::: THE DATA

Lemma MP_inverse_exists T : bounded_op T -> closed_range T ->
  exists Td, is_MP_inverse ip T Td.
Proof.
move=> hT cT; have [TD _ _] := hT.
have [Ts [Ts_bounded T_adj]] := adjoint_exists hT.
have [PN PN_proj] := orth_proj_exists (closed_kernel_bounded hT) (subspace_kernel hT).
have [PM PM_proj] := orth_proj_exists cT (subspace_range hT).
have /choice [Td Td_spec] y :
    exists u, (forall s, T s = 0 -> ip u s = 0) /\ T u = PM y.
  have [[x _ Tx] _] := PM_proj y; have [PNx PN_orth] := PN_proj x.
  by exists (x - PN x); split; [exact: PN_orth | rewrite morphDB // PNx subr0].
by exists Td; exact: Td_MP_inverse hT Ts_bounded T_adj PN_proj PM_proj Td_spec.
Qed.

Lemma EP_iter_nEP T n : bounded_op T -> (0 < n)%N -> closed_range T ->
  EP ip (iter n T) -> nEP ip n T.
Proof.
move=> hT n_gt0 cT [_ EP_Tn]; split=> // X /MP_inverse_penrose pX.
have [B hB] := adjoint_exists (bounded_iter n hT).
exact: iter_comm_penrose_of_range_eq n_gt0 pX hB.2 (EP_Tn B hB).
Qed.

Lemma SD_nEP_EP_iter T n : bounded_op T -> (0 < n)%N -> closed_range T ->
  closed_range (iter n T) -> SD ip T -> nEP ip n T -> EP ip (iter n T).
Proof.
move=> hT n_gt0 cT cTn [_ SD_T] [_ nEP_T]; split=> // B [_ hB].
have [Td MP_Td] := MP_inverse_exists hT cT.
have [Ts [Ts_bounded T_adj]] := adjoint_exists hT.
have [Td_bounded _ _ _ _] := MP_Td.
have [Tds [_ Td_adj]] := adjoint_exists Td_bounded.
have pTd := MP_inverse_penrose MP_Td.
have TnTd := nEP_T Td MP_Td.
have TsTd := SD_T Ts Td (conj Ts_bounded T_adj) MP_Td.
rewrite (adjoint_uniq hB (adjoint_iter n T_adj)); apply/seteqP; split.
  exact: range_iter_sub_adjoint n_gt0 T_adj Td_adj pTd TnTd TsTd.
apply: range_iter_sub_adjoint n_gt0 (adjoint_sym T_adj) (adjoint_sym Td_adj)
  (penrose_adjoint T_adj Td_adj pTd) _ _.
  exact: adjoint_comm (adjoint_iter n T_adj) Td_adj TnTd.
exact: adjoint_comm (adjoint_sym T_adj) Td_adj TsTd.
Qed.

End Hilbert.

End InnerProductSpace.

Theorem mainTheorem8 (R : realType) (H : completeNormedModType R[i])
  (ip : H -> H -> R[i]) (T : H -> H) (n : nat) :
  is_inner_product ip -> bounded_op T -> closed_range T ->
  (1 <= n)%N -> closed_range (iter n T) ->
  (EP ip (iter n T) -> nEP ip n T) /\
  (SD ip T -> (nEP ip n T <-> EP ip (iter n T))).
Proof.
move=> hip hT cT n_gt0 cTn.
have EP_nEP := EP_iter_nEP hip (@cauchy_cvg H) hT n_gt0 cT.
split=> // SD_T; split=> //.
exact: (SD_nEP_EP_iter hip (@cauchy_cvg H) hT n_gt0 cT cTn SD_T).
Qed.
Theorem corollary4p4 (n : nat) (l alpha : R) (P : mat) (X : R -> mat) (N : mat) :
  (3 <= n)%nat -> 0 < l -> INR (n - 2) * l <= alpha ->
  signless_laplacian n P ->
  (forall t, 0 <= t -> is_inverse n (madd (Smat alpha l) (mscale t P)) (X t)) ->
  mlim_infty n X N ->
  (forall a b u v u' v', gconn n P a u -> gconn n P a u' ->
      gconn n P b v -> gconn n P b v' -> Rabs (N u v) = Rabs (N u' v')) /\
  (forall a, (a < n)%nat -> ~ comp_bipartite n P a ->
      forall u v, gconn n P a u -> (v < n)%nat -> N u v = 0 /\ N v u = 0) /\
  ((forall u v, (u < n)%nat -> (v < n)%nat -> N u v = 0) <->
      (forall a, (a < n)%nat -> ~ comp_bipartite n P a)) /\
  (forall a b cola colb, (a < n)%nat -> (b < n)%nat ->
      bipartition n P a cola -> bipartition n P b colb ->
      exists c : R, forall u v, gconn n P a u -> gconn n P b v ->
        N u v = c * sgn (cola u) * sgn (colb v)).
Proof.
  (* the bounds on n, l and alpha only serve to make S + tP invertible, which is assumed *)
  intros _ _ _ HP HI HL.
  destruct (limit_lines_alternating n _ P X N HP HI HL) as [Hcol Hrow].
  split; [|split; [|split]].
  - intros a b u v u' v' Hu Hu' Hv Hv'.
    pose proof (gconn_src _ _ _ _ Hu) as Ha.
    rewrite (alternating_abs n P _ a u (Hcol v (gconn_lt _ _ _ _ Hv)) Hu),
            (alternating_abs n P _ a u' (Hcol v' (gconn_lt _ _ _ _ Hv')) Hu'),
            (alternating_abs n P _ b v (Hrow a Ha) Hv),
            (alternating_abs n P _ b v' (Hrow a Ha) Hv').
    reflexivity.
  - intros a _ Hnb u v Hu Hv. split.
    + exact (alternating_nonbipartite n P _ a u (Hcol v Hv) Hnb Hu).
    + exact (alternating_nonbipartite n P _ a u (Hrow v Hv) Hnb Hu).
  - split.
    + intros Hz a Ha [col Hb]. exact (limit_nonzero_of_bipartite n _ P X N a col HP HI HL Ha Hb Hz).
    + intros Hnb u v Hu Hv.
      exact (alternating_nonbipartite n P _ u u (Hcol v Hv) (Hnb u Hu) (gconn_refl n P u Hu)).
  - intros a b cola colb Ha Hb HA HB. exists (sgn (cola a) * sgn (colb b) * N a b).
    intros u v Hu Hv.
    rewrite (alternating_sign n P _ a cola u (Hcol v (gconn_lt _ _ _ _ Hv)) HA Hu),
            (alternating_sign n P _ b colb v (Hrow a Ha) HB Hv).
    ring.
Qed.
Lemma exp_growth_deviation (f : R -> R) (al be A d eta lam : R) :
  0 <= al -> 0 <= be -> (forall t, 0 <= t -> Rabs (f t) <= be * exp (al * t)) ->
  0 < d <= 1 -> 0 <= eta -> al <= lam ->
  (forall x t, 0 <= x <= A -> 0 <= t -> Rabs (t - x) < d -> Rabs (f t - f x) < eta) ->
  forall x, 0 <= x <= A -> forall t, 0 <= t ->
  Rabs (f t - f x) <= eta + 2 * be * exp (al * (A + 1)) * exp (lam * (t - x - d))
                         + 2 * be * exp (al * (A + 1)) * exp (lam * (x - t - d)).
Proof.
  intros Hal Hbe Hgrowth Hd Heta Hlam Hunif x Hx t Ht.
  set (K := 2 * be * exp (al * (A + 1))).
  assert (HK : 0 <= K) by (unfold K; pose proof (exp_pos (al * (A + 1))); nra).
  pose proof (exp_pos (lam * (t - x - d))). pose proof (exp_pos (lam * (x - t - d))).
  assert (Htri : Rabs (f t - f x) <= be * exp (al * t) + be * exp (al * x)).
  { unfold Rminus. eapply Rle_trans; [apply Rabs_triang|]. rewrite Rabs_Ropp.
    pose proof (Hgrowth t Ht). pose proof (Hgrowth x (proj1 Hx)). lra. }
  destruct (Rlt_dec (Rabs (t - x)) d) as [Hnear|Hfar].
  - pose proof (Hunif x t Hx Ht Hnear). nra.
  - destruct (Rle_dec (x + d) t) as [Hright|Hleft].
    + assert (Hax : exp (al * x) <= exp (al * t)) by (apply exp_le_mono; nra).
      assert (Hat : exp (al * t) <= exp (al * (A + 1)) * exp (al * (t - x - d))).
      { rewrite <- exp_plus. apply exp_le_mono. nra. }
      assert (Hal_lam : exp (al * (t - x - d)) <= exp (lam * (t - x - d)))
        by (apply exp_le_mono; nra).
      assert (2 * be * exp (al * t) <= K * exp (lam * (t - x - d))).
      { unfold K. pose proof (exp_pos (al * (A + 1))).
        apply Rle_trans with (2 * be * (exp (al * (A + 1)) * exp (al * (t - x - d)))).
        - apply Rmult_le_compat_l; lra.
        - rewrite <- Rmult_assoc. apply Rmult_le_compat_l; nra. }
      nra.
    + assert (Hleft' : t <= x - d) by (unfold Rabs in Hfar; destruct Rcase_abs; lra).
      assert (exp (al * t) <= exp (al * (A + 1))) by (apply exp_le_mono; nra).
      assert (exp (al * x) <= exp (al * (A + 1))) by (apply exp_le_mono; nra).
      assert (1 <= exp (lam * (x - t - d))) by (rewrite <- exp_0; apply exp_le_mono; nra).
      assert (Rabs (f t - f x) <= K) by (unfold K; nra).
      nra.
Qed.
Definition period i j := forall k, k + j < i -> a k = a (k + j).

Definition minperiod i := i - lborder i.

Lemma minperiod_period i : 0 < i -> 0 < minperiod i /\ period i (minperiod i).
Proof.
move=> i0; have [[H1 [_ H2]] _] := lborder_spec i0.
split; first by rewrite /minperiod; lia.
move=> k Hk; rewrite H2; last by rewrite /minperiod in Hk; lia.
congr (a _); rewrite /minperiod; lia.
Qed.

Lemma minperiod_min i j : 0 < j -> j <= i -> period i j -> minperiod i <= j.
Proof.
move=> j0 ji P; rewrite /minperiod.
have [_ H] := lborder_spec (leq_trans j0 ji).
suff : i - j <= lborder i by lia.
apply: H; first lia.
split; first lia.
move=> k Hk; rewrite P; last lia. congr (a _); lia.
Qed.

Lemma period_mod i j : 0 < j -> period i j -> forall k, k < i -> a (k %% j) = a k.
Proof.
move=> j0 P k Hk.
have E d r : r + d * j < i -> a (r + d * j) = a r.
  elim: d r => [|d IH] r H; first by rewrite mul0n addn0.
  rewrite (_ : r + d.+1 * j = (r + d * j) + j); last by rewrite mulSn; lia.
  rewrite -P; last lia.
  apply: IH; lia.
rewrite {2}(divn_eq k j) addnC E //; by rewrite addnC -divn_eq.
Qed.

(** * Left seeds of prefixes *)

Lemma prefix_take c i : c <= i -> i <= n -> prefix (take c u) (take i u).
Proof.
move=> ci iN; rewrite prefixE size_takel; last exact: leq_trans ci iN.
by rewrite take_takel.
Qed.

(* The witness word is [u[0..q)] followed by [i] copies of [u[0..j)]; it
   starts with [u[0..i)] because [j] is a period of it. *)
Lemma left_seed_of_pcover L q i j : 0 < L -> L <= q -> q <= i -> i <= n ->
  pcover L q -> 0 < j -> j <= q -> period i j -> left_seed (take L u) (take i u).
Proof.
move=> L0 Lq qi iN C j0 jq P.
have Pf : prefix (take L u) (take i u) by apply: prefix_take => //; exact: leq_trans Lq qi.
split; last exact: Pf.
split; first exact/prefixW.
exists (mkseq (fun k => a (k %% j)) (q + i * j)); split.
- move=> p; rewrite size_mkseq => Hp.
  have [r [R1 R2 R3]] : exists r, [/\ r * j <= p, p - r * j < q & r <= i].
    case: (ltnP p q) => H; first by exists 0; rewrite mul0n; split => //; lia.
    have Ed := divn_eq (p - q) j; have He := ltn_pmod (p - q) j0.
    set d := (p - q) %/ j in Ed *; set e := (p - q) %% j in Ed He.
    have di : d < i by rewrite -(ltn_pmul2r j0); lia.
    exists d.+1; rewrite mulSn; split; lia.
  have rij : r * j <= i * j by rewrite leq_mul2r R3 orbT.
  case: (C (p - r * j) R2) => j1 [[O1 O2] H1 H2].
  exists (r * j + j1); apply/andP; split; last by rewrite size_takel; lia.
  apply/occurs_atP; rewrite size_takel ?size_mkseq; last lia.
  split; first lia.
  move=> k Hk; rewrite nth_mkseq; last lia.
  rewrite nth_take // -addnA modnMDl (period_mod j0 P); last lia.
  exact: O2.
- have ij : i <= i * j by rewrite -{1}(muln1 i) leq_mul2l j0 orbT.
  apply: prefixW; rewrite prefixE size_takel //; apply/eqP/(@eq_from_nth _ 0).
    rewrite !size_takel ?size_mkseq //; lia.
  move=> k; rewrite size_takel; last by rewrite size_mkseq; lia.
  move=> Hk; rewrite !nth_take // nth_mkseq; last lia.
  exact: (period_mod j0 P).
Qed.

(* A seed [s] of [u[0..i)] covering a word [w] in which [u[0..i)] occurs at
   position [A]: the occurrences of [s] inside this window cover a prefix of
   length [window_reach], and the first occurrence sticking out of the window
   on the right yields a period of [u[0..i)] no larger than it. *)
Section SeedWindow.
Variables (s w : word) (i A : nat).
Hypotheses (i_gt0 : 0 < i) (i_le : i <= n) (s_pref : s = take (size s) u) (s_le : size s <= i)
  (s_covers : covers s w) (w_window : forall k, k < i -> nth 0 w (A + k) = a k)
  (window_le : A + i <= size w).
Local Notation L := (size s).

Definition in_window t := [&& occurs_at s w t, A <= t & t + L <= A + i].

Definition window_reach := \max_(t < size w | in_window t) (t + L - A).

Lemma in_window_occ t : in_window t -> occ_pref L (t - A).
Proof.
case/and3P => /occurs_atP [H1 H2] H3 H4; split; first lia.
move=> k Hk; rewrite -w_window; last lia.
rewrite (_ : A + (t - A + k) = t + k); last lia.
by rewrite H2 // s_pref nth_take.
Qed.

Lemma size_seed_gt0 : 0 < L.
Proof. by case: (s_covers (p := A) ltac:(lia)) => t /andP[_ H]; lia. Qed.

Lemma window_reach_max t : t < size w -> in_window t -> t + L - A <= window_reach.
Proof. by move=> Ht okt; exact: (leq_bigmax_cond (Ordinal Ht) okt). Qed.

Lemma window_reach_witness :
  exists t0, [/\ in_window t0, A <= t0, t0 + L <= A + i & window_reach = t0 + L - A].
Proof.
have okA : in_window A.
  apply/and3P; split; try lia.
  apply/occurs_atP; split; first lia.
  move=> k Hk; rewrite w_window; last lia.
  by rewrite [in RHS]s_pref nth_take.
have As : A < size w by lia.
have [t0 [okt0 E]] : exists t0 : 'I_(size w), in_window t0 /\ window_reach = t0 + L - A.
  apply: bigmax_witness; apply: leq_trans (window_reach_max As okA).
  have := size_seed_gt0; lia.
exists t0; case/and3P: (okt0) => _ H1 H2; split => //.
Qed.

::::::

EXERCISE REQUIREMENTS:
Quote the data above verbatim from its first line to the line that includes "(ip : H -> H -> R[i])", with both boundary lines retained.

ANSWER BELOW:
Lemma MP_inverse_exists T : bounded_op T -> closed_range T ->
  exists Td, is_MP_inverse ip T Td.
Proof.
move=> hT cT; have [TD _ _] := hT.
have [Ts [Ts_bounded T_adj]] := adjoint_exists hT.
have [PN PN_proj] := orth_proj_exists (closed_kernel_bounded hT) (subspace_kernel hT).
have [PM PM_proj] := orth_proj_exists cT (subspace_range hT).
have /choice [Td Td_spec] y :
    exists u, (forall s, T s = 0 -> ip u s = 0) /\ T u = PM y.
  have [[x _ Tx] _] := PM_proj y; have [PNx PN_orth] := PN_proj x.
  by exists (x - PN x); split; [exact: PN_orth | rewrite morphDB // PNx subr0].
by exists Td; exact: Td_MP_inverse hT Ts_bounded T_adj PN_proj PM_proj Td_spec.
Qed.

Lemma EP_iter_nEP T n : bounded_op T -> (0 < n)%N -> closed_range T ->
  EP ip (iter n T) -> nEP ip n T.
Proof.
move=> hT n_gt0 cT [_ EP_Tn]; split=> // X /MP_inverse_penrose pX.
have [B hB] := adjoint_exists (bounded_iter n hT).
exact: iter_comm_penrose_of_range_eq n_gt0 pX hB.2 (EP_Tn B hB).
Qed.

Lemma SD_nEP_EP_iter T n : bounded_op T -> (0 < n)%N -> closed_range T ->
  closed_range (iter n T) -> SD ip T -> nEP ip n T -> EP ip (iter n T).
Proof.
move=> hT n_gt0 cT cTn [_ SD_T] [_ nEP_T]; split=> // B [_ hB].
have [Td MP_Td] := MP_inverse_exists hT cT.
have [Ts [Ts_bounded T_adj]] := adjoint_exists hT.
have [Td_bounded _ _ _ _] := MP_Td.
have [Tds [_ Td_adj]] := adjoint_exists Td_bounded.
have pTd := MP_inverse_penrose MP_Td.
have TnTd := nEP_T Td MP_Td.
have TsTd := SD_T Ts Td (conj Ts_bounded T_adj) MP_Td.
rewrite (adjoint_uniq hB (adjoint_iter n T_adj)); apply/seteqP; split.
  exact: range_iter_sub_adjoint n_gt0 T_adj Td_adj pTd TnTd TsTd.
apply: range_iter_sub_adjoint n_gt0 (adjoint_sym T_adj) (adjoint_sym Td_adj)
  (penrose_adjoint T_adj Td_adj pTd) _ _.
  exact: adjoint_comm (adjoint_iter n T_adj) Td_adj TnTd.
exact: adjoint_comm (adjoint_sym T_adj) Td_adj TsTd.
Qed.

End Hilbert.

End InnerProductSpace.

Theorem mainTheorem8 (R : realType) (H : completeNormedModType R[i])
  (ip : H -> H -> R[i]) (T : H -> H) (n : nat) :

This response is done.